Também foram debatidos os seguintes temas: a necessidade dos movimentos sociais intervirem na reunião de Viena (março de 2008); a importância de se ter a RD juridicamente protegida, para não ocorrer como no Canadá que recentemente abandonou a RD, que era apenas um Plano, mas não estava na Lei; a necessidade da mídia pautar a RD; a importância da participação popular para a eficácia das políticas publicas; a necessidade de priorizar a saúde pública, e não mais o direito ao uso, uma vez que “esse debate já está superado e não se penaliza mais as pessoas pelo uso” (foi o que disse o Ministro da Saúde da Itália, sob vais e manifestações contrárias dos representantes de várias redes e associações de usuários); da necessidade de se ampliar as ações de RD no sistema prisional, em todo o mundo, e por fim, da necessidade de se chamar as polícias para o diálogo com os “operadores” da redução de danos.
Em relação aos debates na Sessão Coordenada Pacientes ou Consumidores, além do trabalho sobre a experiência do movimento social de RD no Brasil, foram apresentadas as experiências da França, Espanha, Portugal e Itália. Grande parte das discussões sobre direitos estavam centralizadas no acesso ao tratamento com metadona e sobre as salas de uso seguro. Alessandra, do Cannabis Social Club, apresentou um sistema de inalação que vem sendo utilizado para tratamento e falou das dificuldades que a Itália vem passando, inclusive para aprovação das salas de uso, que já estavam regulamentadas, mas o novo governo voltou a vetar.
A principal mensagem da mesa foi: sem organização das pessoas que usam drogas, é impossível avanças nas políticas públicas sobre drogas. Em Portugal, por exemplo, não há associação de consumidores de drogas e em outros países há dificuldade de articulação em função dos governos desarticuladores dos movimentos sociais, como é o caso atual da França, como avaliam os participantes da plenária da Sessão Coordenada.

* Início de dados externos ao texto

(* Let $p$ be a prime and let $P$ be a nonabelian finite $p$-group on which there exists a transitive saturated fusion system. Then $P$ is indecomposable as a direct product, i.e. $P$ is not the direct product of two nontrivial subgroups.
   Context: A saturated fusion system $\mathcal{F}$ on a finite $p$-group $P$ is called transitive if any two nontrivial elements of $P$ are $\mathcal{F}$-conjugate. *)

From HB Require Import structures.
From mathcomp Require Import all_boot all_order all_fingroup all_solvable.
Set Implicit Arguments. Unset Strict Implicit. Unset Printing Implicit Defensive.
Import GroupScope.
Local Open Scope group_scope.

(* A fusion system over P is encoded as a boolean predicate F Q f meaning
   "f (restricted to Q) is a morphism of F with source Q" (target: any
   subgroup of P containing f(Q), i.e. Hom_F(Q,R) = {f | F Q f, f(Q) <= R}). *)
Section Fusion.
Variable gT : finGroupType.
Implicit Types (P Q R : {set gT}).

Definition fusion_pred := {set gT} -> {ffun gT -> gT} -> bool.

(* Fusion system (Puig / Aschbacher-Kessar-Oliver Def. I.2.1):
   objects are subgroups of P; morphisms are injective homomorphisms;
   Hom_P(Q,R) <= Hom_F(Q,R); F is closed under composition (category);
   every morphism is an F-isomorphism onto its image (its inverse lies in F)
   followed by an inclusion. Morphisms are considered as maps on Q only. *)
Definition is_fusion_system (P : {set gT}) (F : fusion_pred) : Prop :=
  [/\ (forall Q f, F Q f ->
         [/\ group_set Q, Q \subset P, {in Q &, {morph f : x y / x * y}},
             {in Q &, injective f} & f @: Q \subset P]),
      (forall Q (f g : {ffun gT -> gT}), F Q f -> {in Q, f =1 g} -> F Q g),
      (forall (Q : {group gT}) g, Q \subset P -> g \in P ->
         F Q [ffun x => x ^ g]),
      (forall Q R f g, F Q f -> F R g -> f @: Q \subset R ->
         F Q [ffun x => g (f x)]) &
      (forall Q f, F Q f ->
         exists g, F (f @: Q) g /\ {in Q, forall x, g (f x) = x})].

Definition Fconjugate (F : fusion_pred) Q R : Prop :=
  exists f, F Q f /\ f @: Q = R.

Definition fully_normalized P (F : fusion_pred) Q : Prop :=
  forall R, Fconjugate F Q R -> #|'N_P(R)| <= #|'N_P(Q)|.

Definition fully_centralized P (F : fusion_pred) Q : Prop :=
  forall R, Fconjugate F Q R -> #|'C_P(R)| <= #|'C_P(Q)|.

Definition AutF (F : fusion_pred) Q : {set {perm gT}} :=
  [set a in Aut Q | F Q [ffun x => a x]].

Definition AutP P Q : {set {perm gT}} :=
  [set a in Aut Q | [exists g in 'N_P(Q), [forall x in Q, a x == x ^ g]]].

(* N_phi = { g in N_P(Q) | phi c_g phi^-1 in Aut_P(phi(Q)) } *)
Definition Nphi P Q (f : {ffun gT -> gT}) : {set gT} :=
  [set g in 'N_P(Q) |
     [exists h in 'N_P(f @: Q), [forall x in Q, f (x ^ g) == f x ^ h]]].

Definition saturated_fusion_system (p : nat) (P : {set gT}) (F : fusion_pred)
  : Prop :=
  [/\ is_fusion_system P F,
      (forall Q : {group gT}, Q \subset P -> fully_normalized P F Q ->
         fully_centralized P F Q /\ p.-Sylow(AutF F Q) (AutP P Q)) &
      (forall Q (f : {ffun gT -> gT}), F Q f ->
         fully_centralized P F (f @: Q) ->
         exists fb, F (Nphi P Q f) fb /\ {in Q, fb =1 f})].

Definition transitive_fusion (P : {set gT}) (F : fusion_pred) : Prop :=
  forall x y, x \in P -> y \in P -> x != 1 -> y != 1 ->
    exists f, F <[x]> f /\ f x = y.

End Fusion.

From HB Require Import structures.
From mathcomp Require Import all_boot all_order all_fingroup all_solvable.
Set Implicit Arguments. Unset Strict Implicit. Unset Printing Implicit Defensive.
Import GroupScope.
Local Open Scope group_scope.

(* Suppose P = A x B with A nonabelian and B nontrivial.  Then A has a
   nontrivial central commutator z = [l, a], and B has a nontrivial central
   element w; both z and z w are nontrivial elements of Z(P).  By
   transitivity some F-morphism sends z to z w, and since its source and
   target are central, the extension axiom extends it to an injective
   endomorphism of P.  Hence z w is the commutator [y, g] (g in P) for at
   least as many y in P as z is.  But projecting onto A shows that every
   such y for z w is one for z, while l works for z and not for z w. *)

Lemma nil_central_commg (gT : finGroupType) (A : {group gT}) :
  nilpotent A -> ~~ abelian A ->
  exists l a, [/\ l \in A, a \in A, [~ l, a] != 1 & [~ l, a] \in 'Z(A)].
Proof.
move=> nilA nabA.
have : ~~ ('Z_2(A) \subset 'Z(A)).
  apply: contra nabA => sZ2Z.
  have trZ : 'Z(A / 'Z(A)) :==: 1.
    rewrite -ucn1 -ucn_central eqEsubset sub1G quotient_sub1 ?andbT.
      by move: sZ2Z; rewrite -ucn1.
    by have /andP[] := ucn_normalS 1 A.
  move: trZ; rewrite center_nil_eq1 ?quotient_center_nil // eqEsubset.
  rewrite quotient_sub1 ?normal_norm ?center_normal //.
  by case/andP=> /subsetIP[_ cAA] _.
case/subsetPn=> l Z2l nZl; have Al := subsetP (ucn_sub 2 A) l Z2l.
have [a Aa ntla] : exists2 a, a \in A & [~ l, a] != 1.
  apply/exists_inP; apply: contraR nZl => /exists_inPn cAl.
  by apply/centerP; split=> // a /cAl /negbNE /commgP.
exists l, a; split=> //.
by rewrite -ucn1 (subsetP (ucn_comm 1 A)) // mem_commg.
Qed.

Section CentralFusion.

Variables (gT : finGroupType) (P : {group gT}) (F : fusion_pred gT).
Implicit Types (Q : {set gT}) (f : {ffun gT -> gT}).

Lemma Nphi_cent Q f : P \subset 'C(Q) -> Nphi P Q f = P.
Proof.
move=> cPQ; apply/setP=> g; rewrite inE (setIidPl (cents_norm cPQ)).
apply/andb_idr=> Pg; apply/exists_inP; exists 1; first exact: group1.
apply/forall_inP=> x Qx; have /centP cgQ := subsetP cPQ g Pg.
by rewrite conjg1 conjgE -(cgQ x Qx) mulKg.
Qed.

Lemma fully_centralized_cent Q : P \subset 'C(Q) -> fully_centralized P F Q.
Proof.
move=> cPQ R _; rewrite (setIidPl cPQ).
exact/subset_leq_card/subsetIl.
Qed.

Lemma saturated_cent_extension p Q f :
  saturated_fusion_system p P F -> F Q f ->
  P \subset 'C(Q) -> P \subset 'C(f @: Q) ->
  exists fb, F P fb /\ {in Q, fb =1 f}.
Proof.
case=> _ _ extF Ff cPQ cPfQ.
have [fb [Ffb fbf]] := extF Q f Ff (fully_centralized_cent cPfQ).
by exists fb; rewrite -(Nphi_cent f cPQ).
Qed.

Lemma transitive_center_morph p z1 z2 :
  saturated_fusion_system p P F -> transitive_fusion P F ->
  z1 \in 'Z(P) -> z2 \in 'Z(P) -> z1 != 1 -> z2 != 1 ->
  exists fb, F P fb /\ fb z1 = z2.
Proof.
move=> satF trF /setIP[Pz1 Cz1] /setIP[Pz2 Cz2] ntz1 ntz2.
have [f [Ff fz1]] := trF z1 z2 Pz1 Pz2 ntz1 ntz2.
have [[axF _ _ _ _] _ _] := satF; have [_ _ fM _ _] := axF _ _ Ff.
have im_f : f @: <[z1]> = <[z2]>.
  by rewrite -fz1 -(morphim_cycle (Morphism fM)) ?cycle_id // morphimEdom.
have cPz z : z \in 'C(P) -> P \subset 'C(<[z]>) by rewrite centsC cycle_subG.
have [|fb [Ffb fbf]] := saturated_cent_extension satF Ff (cPz z1 Cz1).
  by rewrite im_f cPz.
by exists fb; rewrite fbf ?cycle_id.
Qed.

End CentralFusion.

Section CommutatorFactors.

Variable gT : finGroupType.
Implicit Types (P A B : {group gT}) (x : gT).

Definition commg_lfactors (P : {set gT}) x :=
  [set y in P | [exists g in P, [~ y, g] == x]].

Lemma card_commg_lfactors_injm P (f : {morphism P >-> gT}) x :
  'injm f -> f @* P \subset P ->
  #|commg_lfactors P x| <= #|commg_lfactors P (f x)|.
Proof.
move=> /injmP injf sfPP.
have fP y : y \in P -> f y \in P by move=> Py; rewrite (subsetP sfPP) ?mem_morphim.
rewrite -(card_in_imset (f := f)); last by move=> y1 y2 /setIdP[? _] /setIdP[? _]; apply: injf.
apply/subset_leq_card/subsetP=> _ /imsetP[y /setIdP[Py /exists_inP[g Pg /eqP <-]] ->].
by rewrite inE fP //=; apply/exists_inP; exists (f g); rewrite ?fP // morphR.
Qed.

Lemma commg_lfactors_dprodM A B P x w :
  A \x B = P -> x \in A -> w \in B ->
  commg_lfactors P (x * w) \subset commg_lfactors P x.
Proof.
move=> defP Ax Bw; have [_ defAB cAB tiAB] := dprodP defP.
have [nsAP _] := dprod_normal2 defP.
have complB : B \in [complements to A in P] by apply/complP.
have pAR : {in P &, {morph divgr A B : u v / [~ u, v]}}.
  exact: morphR (Morphism (divgrM complB cAB)).
apply/subsetP=> y /setIdP[Py /exists_inP[g Pg /eqP yg]].
have Ag' : divgr A B g \in A by rewrite mem_divgr ?defAB.
have Pg' : divgr A B g \in P by rewrite (subsetP (normal_sub nsAP)).
rewrite inE Py; apply/exists_inP; exists (divgr A B g) => //.
have Ayg' : [~ y, divgr A B g] \in A.
  by rewrite (subsetP (_ : [~: P, A] \subset A)) ?mem_commg ?commg_subr ?normal_norm.
by rewrite -(divgr_id B Ayg') pAR // (divgr_id B Ag') -pAR // yg divgrMid.
Qed.

Lemma commg_lfactors_dprod_proper A B P l a w :
  A \x B = P -> l \in A -> a \in A -> w \in B -> w != 1 ->
  commg_lfactors P ([~ l, a] * w) \proper commg_lfactors P [~ l, a].
Proof.
move=> defP Al Aa Bw ntw; have [_ _ _ tiAB] := dprodP defP.
have [nsAP _] := dprod_normal2 defP; have sAP := normal_sub nsAP.
rewrite properE (commg_lfactors_dprodM defP) ?groupR //=; apply/subsetPn; exists l.
  by rewrite inE (subsetP sAP) //=; apply/exists_inP; exists a; rewrite ?(subsetP sAP).
apply: contra ntw => /setIdP[_ /exists_inP[g Pg /eqP lgw]].
have Alg : [~ l, g] \in A.
  by rewrite (subsetP (_ : [~: A, P] \subset A)) ?mem_commg ?commg_subl ?normal_norm.
suff: w \in A :&: B by rewrite tiAB => /set1gP ->.
by rewrite inE Bw andbT -(groupMl _ (groupR Al Aa)) -lgw.
Qed.

End CommutatorFactors.

Lemma card_commg_lfactors_fusion (gT : finGroupType) (P : {group gT})
    (F : fusion_pred gT) (f : {ffun gT -> gT}) x :
  is_fusion_system P F -> F P f ->
  #|commg_lfactors P x| <= #|commg_lfactors P (f x)|.
Proof.
move=> [axF _ _ _ _] Ff; have [_ _ fM injf sfP] := axF _ _ Ff.
have injfm : 'injm (Morphism fM) by apply/injmP.
by have := card_commg_lfactors_injm x injfm; rewrite morphimEdom; apply.
Qed.

Lemma transitive_dprod_nonabelian (p : nat) (gT : finGroupType)
    (P A B : {group gT}) (F : fusion_pred gT) :
  p.-group P -> saturated_fusion_system p P F -> transitive_fusion P F ->
  A \x B = P -> ~~ abelian A -> B :=: 1.
Proof.
move=> pP satF trF defP nabA; apply/eqP; apply: contraT => ntB.
have [_ _ _ tiAB] := dprodP defP; have [nsAP nsBP] := dprod_normal2 defP.
have [l [a [Al Aa ntz Zz]]] :=
  nil_central_commg (pgroup_nil (pgroupS (normal_sub nsAP) pP)) nabA.
have [w Zw ntw] : exists2 w, w \in 'Z(B) & w != 1.
  apply/trivgPn; apply: contra ntB => /eqP.
  by move/(trivg_center_pgroup (pgroupS (normal_sub nsBP) pP)) ->.
have Bw := subsetP (center_sub B) w Zw.
have [_ defZ _ _] := dprodP (center_dprod defP).
have ZPz : [~ l, a] \in 'Z(P) by rewrite -defZ (subsetP (mulG_subl _ _)).
have ZPzw : [~ l, a] * w \in 'Z(P) by rewrite -defZ mem_mulg.
have ntzw : [~ l, a] * w != 1.
  apply: contra ntw => /eqP zw1.
  by rewrite -(remgrMid tiAB (groupR Al Aa) Bw) zw1 remgr1.
have [fb [Ffb fbz]] := transitive_center_morph satF trF ZPz ZPzw ntz ntzw.
have [fusF _ _] := satF; have := card_commg_lfactors_fusion [~ l, a] fusF Ffb.
by rewrite fbz leqNgt proper_card ?(commg_lfactors_dprod_proper defP).
Qed.

Theorem proposition2p2 (p : nat) (gT : finGroupType) (P : {group gT})
    (F : fusion_pred gT) :
  prime p -> (p.-group P)%g -> ~~ abelian P ->
  saturated_fusion_system p P F -> transitive_fusion P F ->
  forall A B : {group gT}, (A \x B)%g = P -> (A :=: 1)%g \/ (B :=: 1)%g.
Proof.
move=> _ pP nabP satF trF A B defP; have [_ defAB cAB _] := dprodP defP.
case abA: (abelian A).
  have defP' : B \x A = P by rewrite dprodC.
  left; apply: (transitive_dprod_nonabelian pP satF trF defP').
  by apply: contra nabP => abB; rewrite -defAB abelianM abA abB cAB.
by right; apply: (transitive_dprod_nonabelian pP satF trF defP); rewrite abA.
Qed.
Lemma derivable_combination (K : finType) (con : K -> ineq) D c :
  derivable con D c ->
  exists2 lam : K -> R, (forall k, 0 <= lam k) &
    {in D, forall i, c.1 i = \sum_k lam k * (con k).1 i} /\
    \sum_k lam k * (con k).2 <= c.2.
Proof.
elim=> [k | | {}c d _ [l l0 [lc l2]] _ [m m0 [md m2]]
       | a {}c a0 _ [l l0 [lc l2]] | {}c d _ [l l0 [lc l2]] dc cd].
- exists (fun s => (s == k)%:R) => [s|]; first by rewrite ler0n.
  by split=> [i _|]; rewrite sum_delta.
- exists (fun=> 0) => //; split; last by rewrite big1 // => k; rewrite mul0r.
  by move=> i _; rewrite big1 // => k; rewrite mul0r.
- exists (fun k => l k + m k) => [k|]; first by rewrite addr_ge0.
  split=> [i iD|].
    by rewrite /= lc // md // -big_split; apply: eq_bigr => k; rewrite mulrDl.
  rewrite /=; under eq_bigr do rewrite mulrDl.
  by rewrite big_split lerD.
- exists (fun k => a * l k) => [k|]; first by rewrite mulr_ge0.
  split=> [i iD|].
    by rewrite /= lc // mulr_sumr; apply: eq_bigr => k; rewrite mulrA.
  by under eq_bigr do rewrite -mulrA; rewrite -mulr_sumr ler_wpM2l.
- exists l => //; split=> [i iD|]; first by rewrite dc // lc.
  exact: le_trans cd.
Qed.

Lemma exists_between (K : finType) (P Q : pred K) (L U : K -> R) :
  (forall q p, P q -> Q p -> L q <= U p) ->
  exists t, (forall q, P q -> L q <= t) /\ (forall p, Q p -> t <= U p).
Proof.
move=> LU; case: (pickP P) => [q0 Pq0 | P0].
  have [q Pq qmax] := arg_maxP L Pq0.
  by exists (L q); split=> [q' /qmax | p /(LU q p Pq)].
case: (pickP Q) => [p0 Qp0 | Q0]; last by exists 0; split=> [q | p]; rewrite ?P0 ?Q0.
have [p Qp pmin] := arg_minP U Qp0.
by exists (U p); split=> [q | p' /pmin]; rewrite ?P0.
Qed.

Section FourierMotzkin.
Variables (K : finType) (con : K -> ineq) (j : I).

Definition fm_combine p q : ineq :=
  ineq_add (ineq_scale (- (con q).1 j) (con p)) (ineq_scale ((con p).1 j) (con q)).

(* Elimination of the variable [j]: every pair of a lower and an upper bound
   on [x j] is combined, the inequalities not involving [x j] are kept along
   the diagonal, and all remaining pairs yield the trivial inequality. *)
Definition fm_elim (pq : K * K) : ineq :=
  if (0 < (con pq.1).1 j) && ((con pq.2).1 j < 0) then fm_combine pq.1 pq.2
  else if (pq.1 == pq.2) && ((con pq.1).1 j == 0) then con pq.1 else ineq0.

Lemma fm_elim_derivable D pq : derivable con D (fm_elim pq).
Proof.
rewrite /fm_elim; case: ifP => [/andP [p_gt0 q_lt0] | _].
  by apply: derivable_add; apply: derivable_scale; rewrite ?oppr_ge0 ?ltW //;
     apply: derivable_con.
by case: ifP => _; [apply: derivable_con | apply: derivable0].
Qed.

Lemma fm_elim_coef pq : (fm_elim pq).1 j = 0.
Proof.
rewrite /fm_elim; case: ifP => [_ | _]; first by rewrite /=; ring.
by case: ifP => // /andP [_ /eqP].
Qed.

Em relação à experiência brasileira, houve dificuldade de compreensão, por parte da platéia, sobre o SUS e o direito universal e equânime à saúde. Avaliou-se que o Brasil avançou bastante em relação às políticas públicas de saúde, mas pouco em relação às questões morais e jurídicas penalizantes em relação ao consumo de drogas ilícitas.
Na sessão de pôsteres, destacaram-se os relatos de experiências sobre serviços, como por exemplo, o Centro de Encuentro y Acogida, semelhante aos centros de convivências do Brasil (ver www.fsys.org).
Considerações Finais. Foi de extrema importância a participação da ABORDA na CLAT4, não só para o compartilhamento das experiências européia e brasileira, mas sobretudo para perceber como avançamos em relação ao direito à saúde, especialmente à saúde mental. A compreensão da pessoa que usa droga como cidadã (não como doente, paciente ou consumidor) também se destaca nesse cenário internacional, assim como o diálogo que temos com os vários níveis de governo, nos vários setores.
Além disso, ficou muito clara a importância dos movimentos sociais para que se consiga avançar no sentido de uma política de drogas que considere as complexidades das várias formas de uso, das necessidades das pessoas que buscam tratamento, das questões econômicas e morais envolvidas, enfim, dos seres humanos e seus contextos que envolvem o uso de drogas.
Por fim, ficou também evidente a necessidade de nos organizarmos para incidir politicamente na reunião de Viena (março de 2008), especialmente nesse momento em que são visíveis os retrocessos das políticas mais vanguardistas e o retorno de conservadorismo, moralismos e proibicionismos que muitos países achavam que haviam superado.